5918 Stoneridge Mall Road
Pleasanton, California 94588-3229
YOUR VOTE IS VERY IMPORTANT
July 14, 2014
Dear Safeway Stockholder:
In the last month you should have received proxy materials in connection with the Annual Meeting of Stockholders being held on July 25, 2014. If you have not already voted, please cast your vote now using the enclosed proxy card to vote by mail, phone or internet following the instructions printed on the card.
This years annual meeting will be particularly significant, and your vote is extremely important. Whether or not you plan to attend the Annual Meeting in person, we urge you to ensure your representation by voting by proxy as promptly as possible. Please review the instructions on each of your voting options described in the Proxy Statement.

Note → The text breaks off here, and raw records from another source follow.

(* In the transactional panorama model described in the context, if every read transaction is answered so as to maintain consistency-committed ($C_c$), i.e., each read transaction returns the states of its views from the most recently committed version of the view graph, then the resulting sequence of read transactions also maintains monotonicity and visibility.
   Context: A view graph is a directed acyclic graph on a fixed set $N$ of nodes (source data and views); there is an edge $n_j \to n_i$ if view $n_i$ takes $n_j$ as input, and the dependents of a node are the nodes reachable from it. The view graph is multi-versioned. Write transactions $w^{t_1},\dots,w^{t_n}$ (timestamps $t_1<\dots<t_n$, starting from an initial version $G^{t_0}$) each modify some source nodes and must recompute their dependents; they are processed one at a time in timestamp order. Write transaction $w^{t_i}$ creates version $G^{t_i}=(E,N,V^{t_i})$, where for each node $n_k$ the set $V^{t_i}$ contains: the result $v_k^{t_i}$ if $w^{t_i}$ updates $n_k$ and has already computed it; a placeholder $UC_k^{t_i}$ (''under computation'') if $w^{t_i}$ updates $n_k$ but has not yet computed it; or the result of $n_k$ from the previous version if $w^{t_i}$ does not update $n_k$. A version is committed once all its new results have been computed (and its commit is recorded); the most recently committed version contains no UCs. The timestamp of a returned state is the timestamp of the version it belongs to. Read transactions $r^{s_1},\dots,r^{s_m}$ ($s_1<\dots<s_m$) each read the set of views in the user's current viewport (a subset of $N$, which may change between reads) and return immediately, without waiting, a set $H^{s_i}$ containing one state (a view result or a UC) per view read. Monotonicity: for any view $n_k$ read by two transactions $r^{s_i}, r^{s_j}$ with $s_i<s_j$, returning states with timestamps $t_p$ and $t_q$, we have $t_p \le t_q$. Visibility: no $H^{s_i}$ contains a UC. Consistency: for each $r^{s_i}$ there is a version $G^{t_j}=(E,N,V^{t_j})$ with $t_j\le s_i$ and $H^{s_i}\subseteq V^{t_j}$. *)

From mathcomp Require Import all_boot.
Set Implicit Arguments. Unset Strict Implicit. Unset Printing Implicit Defensive.

(* A state of a node in some version: either a computed result, or a
   placeholder UC ("under computation").  Each state carries the timestamp
   of the version it belongs to (the version whose write produced it). *)
Inductive state (Val : Type) : Type :=
  | Res of nat & Val
  | UC of nat.

Definition state_ts (Val : Type) (x : state Val) : nat :=
  match x with Res t _ => t | UC t => t end.

Definition is_UC (Val : Type) (x : state Val) : bool :=
  if x is UC _ then true else false.

Definition acyclic (N : finType) (E : rel N) : Prop :=
  forall x y, E x y -> ~~ connect E y x.

(* Content of version i (timestamp t i) of node k, observed at time tau.
   Version i >= 1 is created by write w^{t_i}, which updates the nodes in
   upd i; node k in upd i has been computed by time tau iff comp i k <= tau,
   in which case its value is val i k; nodes not updated carry the state of
   the previous version. *)
Fixpoint vstate (N : finType) (Val : Type) (t : nat -> nat) (init : N -> Val)
    (upd : nat -> {set N}) (comp : nat -> N -> nat) (val : nat -> N -> Val)
    (i tau : nat) (k : N) : state Val :=
  match i with
  | 0 => Res (t 0) (init k)
  | i'.+1 =>
      if k \in upd i then
        (if comp i k <= tau then Res (t i) (val i k) else UC Val (t i))
      else vstate t init upd comp val i' tau k
  end.

Definition last_committed (n : nat) (commit : nat -> nat) (tau : nat) : nat :=
  \max_(i < n.+1 | commit i <= tau) i.

From mathcomp Require Import all_boot.

(* Under C_c a read at time tau sees version [last_committed tau], a committed
   version, so none of its states is a UC.  The timestamp of the state of a
   node in version i is the stamp of the latest version <= i that updated the
   node, which is nondecreasing in i; as [last_committed] is nondecreasing in
   tau, later reads see later stamps.  Neither argument uses the shape of the
   view graph. *)

Lemma homo_leq_interval (f : nat -> nat) (a b : nat) :
    (forall i, a <= i < b -> f i <= f i.+1) ->
  forall i j, a <= i -> i <= j -> j <= b -> f i <= f j.
Proof.
move=> f_step i j ai ij jb.
pose D := [pred k | a <= k <= b].
have convexD : {in D &, forall i j k, i < k < j -> k \in D}.
  move=> x y /andP[ax _] /andP[_ yb] z /andP[xz zy].
  by rewrite inE (leq_trans ax (ltnW xz)) (leq_trans (ltnW zy) yb).
have stepD : {in D, forall i, i.+1 \in D -> f i <= f i.+1}.
  by move=> k /andP[ak _] /andP[_ kb]; rewrite f_step // ak.
apply: (homo_leq_in leqnn (fun _ _ _ => @leq_trans _ _ _) convexD stepD) => //.
- by rewrite inE ai (leq_trans ij jb).
- by rewrite inE (leq_trans ai ij) jb.
Qed.

Section Versions.

Context {N : finType} {Val : Type} {t : nat -> nat} {init : N -> Val}.
Context {upd : nat -> {set N}} {comp : nat -> N -> nat} {val : nat -> N -> Val}.
Context {n : nat} {commit : nat -> nat}.

Hypothesis t_le : forall i, i < n -> t i <= t i.+1.
Hypothesis commit_le : forall i, i < n -> commit i <= commit i.+1.
Hypothesis comp_le_commit :
  forall i k, 1 <= i <= n -> k \in upd i -> comp i k <= commit i.

Local Notation vst := (vstate t init upd comp val).

Lemma state_ts_vstate_tau i tau tau' k :
  state_ts (vst i tau k) = state_ts (vst i tau' k).
Proof.
elim: i => [|i IH] //=; case: (k \in upd i.+1) => //.
by case: (comp i.+1 k <= tau); case: (comp i.+1 k <= tau').
Qed.

Lemma state_ts_vstate_le i tau k : i <= n -> state_ts (vst i tau k) <= t i.
Proof.
elim: i => [|i IH] //= lt_i_n; case: ifP => _; first by case: ifP.
exact: leq_trans (IH (ltnW lt_i_n)) (t_le _ lt_i_n).
Qed.

Lemma state_ts_vstateS i tau k :
  i < n -> state_ts (vst i tau k) <= state_ts (vst i.+1 tau k).
Proof.
move=> lt_i_n /=; case: ifP => _ //.
have ts_le := leq_trans (state_ts_vstate_le _ tau k (ltnW lt_i_n))
                        (t_le _ lt_i_n).
by case: ifP.
Qed.

Lemma state_ts_vstate_mono i i' tau k : i <= i' -> i' <= n ->
  state_ts (vst i tau k) <= state_ts (vst i' tau k).
Proof.
apply: (homo_leq_interval (fun i => state_ts (vst i tau k)) 0 n) => //.
by move=> j /andP[_ lt_j_n]; apply: state_ts_vstateS.
Qed.

Lemma vstate_committed_not_UC i tau k :
  i <= n -> commit i <= tau -> ~~ is_UC (vst i tau k).
Proof.
elim: i => [|i IH] //= lt_i_n commit_tau; case: ifP => k_upd.
  by rewrite (leq_trans (comp_le_commit _ _ _ k_upd) commit_tau).
exact: IH (ltnW lt_i_n) (leq_trans (commit_le _ lt_i_n) commit_tau).
Qed.

End Versions.

Lemma last_committed_le n commit tau : last_committed n commit tau <= n.
Proof. by apply/bigmax_leqP => i _; rewrite -ltnS. Qed.

Lemma commit_last_committed n commit tau :
  commit 0 <= tau -> commit (last_committed n commit tau) <= tau.
Proof.
move=> commit0_tau; rewrite /last_committed.
by elim/big_ind: _ => // x y; rewrite /maxn; case: ifP.
Qed.

Lemma last_committed_mono n commit :
  {homo last_committed n commit : tau tau' / tau <= tau'}.
Proof.
move=> tau tau' le_tau; apply/bigmax_leqP => i commit_i.
exact: leq_bigmax_cond (leq_trans commit_i le_tau).
Qed.

Theorem theorem2p4
  (N : finType) (E : rel N) (Val : Type)
  (* write side: versions 0..n *)
  (n : nat) (t : nat -> nat) (init : N -> Val)
  (upd : nat -> {set N}) (comp : nat -> N -> nat) (val : nat -> N -> Val)
  (commit : nat -> nat)
  (* read side: read transactions 1..m *)
  (m : nat) (s : nat -> nat) (vp : nat -> {set N})
  (H : nat -> N -> state Val)
  (* the view graph is a DAG *)
  (hE : acyclic E)
  (* write timestamps strictly increasing *)
  (ht : forall i, i < n -> t i < t i.+1)
  (* each write updates a set of nodes closed under dependents *)
  (hupd : forall i x y, 1 <= i <= n -> x \in upd i -> E x y -> y \in upd i)
  (* the initial version is committed at t_0 *)
  (hc0 : commit 0 = t 0)
  (* writes processed one at a time in timestamp order *)
  (hcmono : forall i, 1 <= i <= n -> commit i.-1 < commit i)
  (* a version is created at its timestamp, and committed only once all its
     new results have been computed *)
  (hcomp : forall i k, 1 <= i <= n -> k \in upd i ->
             t i <= comp i k /\ comp i k <= commit i)
  (* read timestamps strictly increasing, all reads after t_0 *)
  (hs : forall j, 1 <= j < m -> s j < s j.+1)
  (hs1 : t 0 <= s 1)
  (* C_c: each read returns the states of its views from the most recently
     committed version at its timestamp *)
  (hCc : forall j k, 1 <= j <= m -> k \in vp j ->
           H j k = vstate t init upd comp val
                     (last_committed n commit (s j)) (s j) k) :
  (* monotonicity *)
  (forall j1 j2 k, 1 <= j1 <= m -> 1 <= j2 <= m -> s j1 < s j2 ->
     k \in vp j1 -> k \in vp j2 ->
     state_ts (H j1 k) <= state_ts (H j2 k))
  /\
  (* visibility *)
  (forall j k, 1 <= j <= m -> k \in vp j -> ~~ is_UC (H j k)).
Proof.
have t_le i : i < n -> t i <= t i.+1 by move/ht/ltnW.
have commit_le i : i < n -> commit i <= commit i.+1 by move/(hcmono i.+1)/ltnW.
have comp_le_commit i k : 1 <= i <= n -> k \in upd i -> comp i k <= commit i.
  by move=> i_n /(hcomp _ _ i_n)[].
have commit0_s j : 1 <= j <= m -> commit 0 <= s j.
  move=> /andP[j1 jm]; rewrite hc0 (leq_trans hs1) //.
  by apply: (homo_leq_interval s 1 m) => // i /hs/ltnW.
split=> [j1 j2 k j1m j2m lt_s k1 k2 | j k jm kj].
- rewrite (hCc _ _ j1m k1) (hCc _ _ j2m k2).
  rewrite (state_ts_vstate_tau _ (s j1) (s j2)).
  apply: (state_ts_vstate_mono t_le); last exact: last_committed_le.
  exact: last_committed_mono (ltnW lt_s).
- rewrite (hCc _ _ jm kj).
  apply: (vstate_committed_not_UC commit_le comp_le_commit).
    exact: last_committed_le.
  exact: commit_last_committed (commit0_s _ jm).
Qed.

After careful consideration, our board of directors unanimously recommends that you vote:
1. | FOR the proposal to approve and adopt the Merger Agreement, |
2. | FOR the non-binding, advisory proposal to approve the compensation that may be paid or become payable to our named executive officers in connection with the Merger , |
3. | FOR the adjournment of the Annual Meeting, if necessary or appropriate, to solicit additional proxies if there are insufficient votes at the time of the Annual Meeting to approve and adopt the Merger Agreement, |
4. | FOR the election of the directors named in the Proxy Statement, |
5. | FOR the non-binding, advisory proposal to approve the compensation of our named executive officers, |
6. | FOR the ratification of the appointment of Deloitte & Touche LLP as our independent registered public accounting firm for fiscal year 2014, |
7. | AGAINST the stockholder proposal regarding labeling products that contain genetically engineered ingredients, |
8. | And AGAINST the stockholder proposal regarding extended producer responsibility. |
The approval and adoption of the Merger Agreement requires the affirmative vote of the holders as of the record date of a majority of the outstanding shares of Company common stock entitled to vote at the Annual Meeting. Failure to vote has the same effect as voting against the merger.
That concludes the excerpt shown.